DIRECTIONS → Extract every line from the records below that contains the word "eqVneq".

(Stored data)
Lemma role_target_state lb m i : generic lb -> role_target lb m = Some i ->
  val i != 0 /\ label_state lb m = sB m i.
Proof.
move=> g; have [ok st] := role_invariant m g; move: ok st; rewrite /role_state /role_target.
case: (role_of lb m) => [q|r] /= ok st.
- case/andP: ok => hq hs; case: eqP => [e [<-]|_].
    have [hT _ _ _ hsb] := swapP e; have [hr1 _] := rep_recurrent hq.
    by rewrite hsb leader_neq0 // st.1 // (leq_trans (first_occ_stable q) hT).
  case: ifP => // /andP[_ hm] [<-]; have [_ ->] := st.2 hm.
  by have [] := first_occupantP (recurrent_visited hq).
- case/and3P: ok => hr _ _.
  have leader_ok : Some (leader r) = Some i -> val i != 0 /\ label_state lb m = sB m i.
    by move=> [<-]; rewrite leader_neq0.
  by case: (swap m) => [q0|] //; case: ifP.
Qed.

Lemma label_sched_state lb m i : lb \in labels -> label_sched lb m = Some i ->
  val i != 0 /\ label_state lb m = sB m i.
Proof.
case: lb => [q|r]; rewrite inE => hU; last exact: role_target_state.
have [h1 h2] := first_occupantP hU.
case: (boolP (q \in recurrent)) => hI.
  case: (eqVneq (Some q) spec) => hs.
    rewrite /label_sched hI hs eqxx; case: ifP => // hm [<-]; rewrite h1.
    by have [st _] := label_state_spec (esym hs) hI; rewrite st // ltnW.
  have g : generic (inl q) by rewrite /generic /= hI hs.
  by rewrite label_sched_generic //; apply: role_target_state.
have [hfl hil0 _ _ _] := last_occP hU hI; have [st1 _ st3] := label_state_transient hU hI.
rewrite /label_sched (negbTE hI); case: ifP => hm; first by move=> [<-]; rewrite h1 st1 // ltnW.
by case: ifP => // hl [<-]; rewrite hil0 st3 // leqNgt hl.
Qed.

Definition label_moves lb m := exists j, actor m = Some j /\ label_sched lb m = Some j.

Lemma sitting_moves lb q m : generic lb -> stable_time <= m -> role_of lb m = Sitting q ->
  exists m', m <= m' /\ label_moves lb m'.
Proof.
move=> g hT rl; have [ok _] := role_invariant m g; rewrite rl /= in ok.
case/andP: ok => hq hs; set j := leader (rep q).
have ex : exists k, [&& m <= k, actor k == Some j & sB k j == q].
  have [m2 [h2 e2]] := leader_visits hq hs m.
  have [m3 [h3 e3 s3 _]] := next_move j m2.
  by exists m3; rewrite (leq_trans h2 h3) e3 s3 e2 !eqxx.
case: (ex_minnP ex) => m1 /and3P[h1 /eqP e1 /eqP s1] hmin.
have keep : role_of lb m1 = Sitting q.
  apply: (interval_ind (P := fun k => role_of lb k = Sitting q)) h1 rl _ => k /andP[k1 k2] rk.
  rewrite /= rk update_sitting //; apply/eqP => /swapP[_ _ _ hmu hsb].
  by have := hmin k; rewrite k1 hmu hsb !eqxx leqNgt k2 => /(_ isT).
exists m1; split => //; exists j; split => //.
rewrite label_sched_generic // /role_target keep.
suff -> : swap m1 = Some q by rewrite eqxx.
have hj : (j != 0 :> nat) by have [hr _] := rep_recurrent hq; apply: leader_neq0.
by rewrite /swap (leq_trans hT h1) e1 /= s1 hq hs eqxx hj.
Qed.

Lemma floating_moves lb r m : generic lb -> stable_time <= m -> role_of lb m = Floating r ->
  exists m', m <= m' /\ label_moves lb m'.
Proof.
move=> g hT rl; set j := leader r.
have [m1 [h1 e1 _ idle]] := next_move j m.
have keep : role_of lb m1 = Floating r.
  apply: (interval_ind (P := fun k => role_of lb k = Floating r)) h1 rl _ => k hk rk.
  rewrite /= rk /update_role; case e: (swap k) => [q0|] //; case: eqP => // eq.
  by have [_ _ _ hmu _] := swapP e; case: (idle k hk); rewrite hmu eq.
case e: (swap m1) => [q0|]; first case: (eqVneq (rep q0) r) => eq.
- have [hT0 _ _ _ _] := swapP e.
  have rl' : role_of lb m1.+1 = Sitting q0 by rewrite /= keep /update_role e eq eqxx.
  have [m' [hm' mv]] := sitting_moves g (leq_trans hT0 (leqnSn _)) rl'.
  by exists m'; split => //; apply: leq_trans hm'; apply: leq_trans h1 (leqnSn _).
- exists m1; split => //; exists j; split => //.
  by rewrite label_sched_generic // /role_target keep e (negbTE eq).
- exists m1; split => //; exists j; split => //.
  by rewrite label_sched_generic // /role_target keep e.
Qed.

Lemma label_fair lb : lb \in labels -> forall m, exists m', m <= m' /\
  (label_moves lb m' \/
   exists q, [/\ spec = Some q, lb = inl q, stable_time <= m' & loop_enabled q m']).
Proof.
move=> hU m; case: (boolP (generic lb)) => g.
  set m0 := maxn m stable_time.
  have late m' : m0 <= m' -> m <= m' by apply: leq_trans; rewrite leq_maxl.
  case rl: (role_of lb m0).
  - have [m' [h1 h2]] := sitting_moves g (leq_maxr _ _) rl.
    by exists m'; split; [apply: late | left].
  - have [m' [h1 h2]] := floating_moves g (leq_maxr _ _) rl.
    by exists m'; split; [apply: late | left].
case: lb hU g => [q|r]; rewrite inE /generic /= => hU g; last by rewrite hU in g.
case: (boolP (q \in recurrent)) => hI.
  have hs : spec = Some q by move: g; rewrite hI /=; case: eqP.
  have [_ loops] := spec_loops hs; have [m' [h1 h2 h3]] := loops m.
  by exists m'; split => //; right; exists q.
have [hfl _ _ _ _] := last_occP hU hI.
have [m' [h1 h2]] := actor_inf (Some (last_occupant q)) (maxn m (last_occ q)).
have hl : last_occ q <= m' by apply: leq_trans h1; rewrite leq_maxr.
exists m'; split; first by apply: leq_trans h1; rewrite leq_maxl.
left; exists (last_occupant q); split => //.
by rewrite /label_sched (negbTE hI) ltnNge (leq_trans hfl hl) /= ltnNge hl.
Qed.

Hypothesis labels_fit : #|labels| < K.

(* Helper 0 plays B_1, helpers 1 .. #|labels| carry the labels, the others copy [p1]. *)
Definition label_of (h : 'I_K) : option (QB + QB) :=
  if 0 < val h <= #|labels| then Some (nth (inl (t_init B)) (enum labels) (val h).-1) else None.

Definition helper_of lb : 'I_K := insubd (h0 K_gt0) (index lb (enum labels)).+1.

Lemma helper_ofK lb : lb \in labels ->
  val (helper_of lb) = (index lb (enum labels)).+1 /\ label_of (helper_of lb) = Some lb.
Proof.
move=> hU; have hi : index lb (enum labels) < #|labels| by rewrite cardE index_mem mem_enum.
have hv : val (helper_of lb) = (index lb (enum labels)).+1.
  by rewrite /helper_of val_insubd (leq_ltn_trans hi labels_fit).
by rewrite /label_of hv hi nth_index // mem_enum.
Qed.

Lemma label_ofK h lb : label_of h = Some lb -> [/\ lb \in labels, helper_of lb = h & val h != 0].
Proof.
rewrite /label_of; case: ifP => // /andP[h1 h2] [<-].
have hs : (val h).-1 < size (enum labels) by rewrite -cardE prednK.
have hin : nth (inl (t_init B)) (enum labels) (val h).-1 \in labels by rewrite -mem_enum mem_nth.
split => //; last by rewrite -lt0n.
apply: val_inj; have [-> _] := helper_ofK hin.
by rewrite index_uniq ?enum_uniq // prednK.
Qed.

REPLY TO THE EXERCISE →
  case: (eqVneq (Some q) spec) => hs.
case e: (swap m1) => [q0|]; first case: (eqVneq (rep q0) r) => eq.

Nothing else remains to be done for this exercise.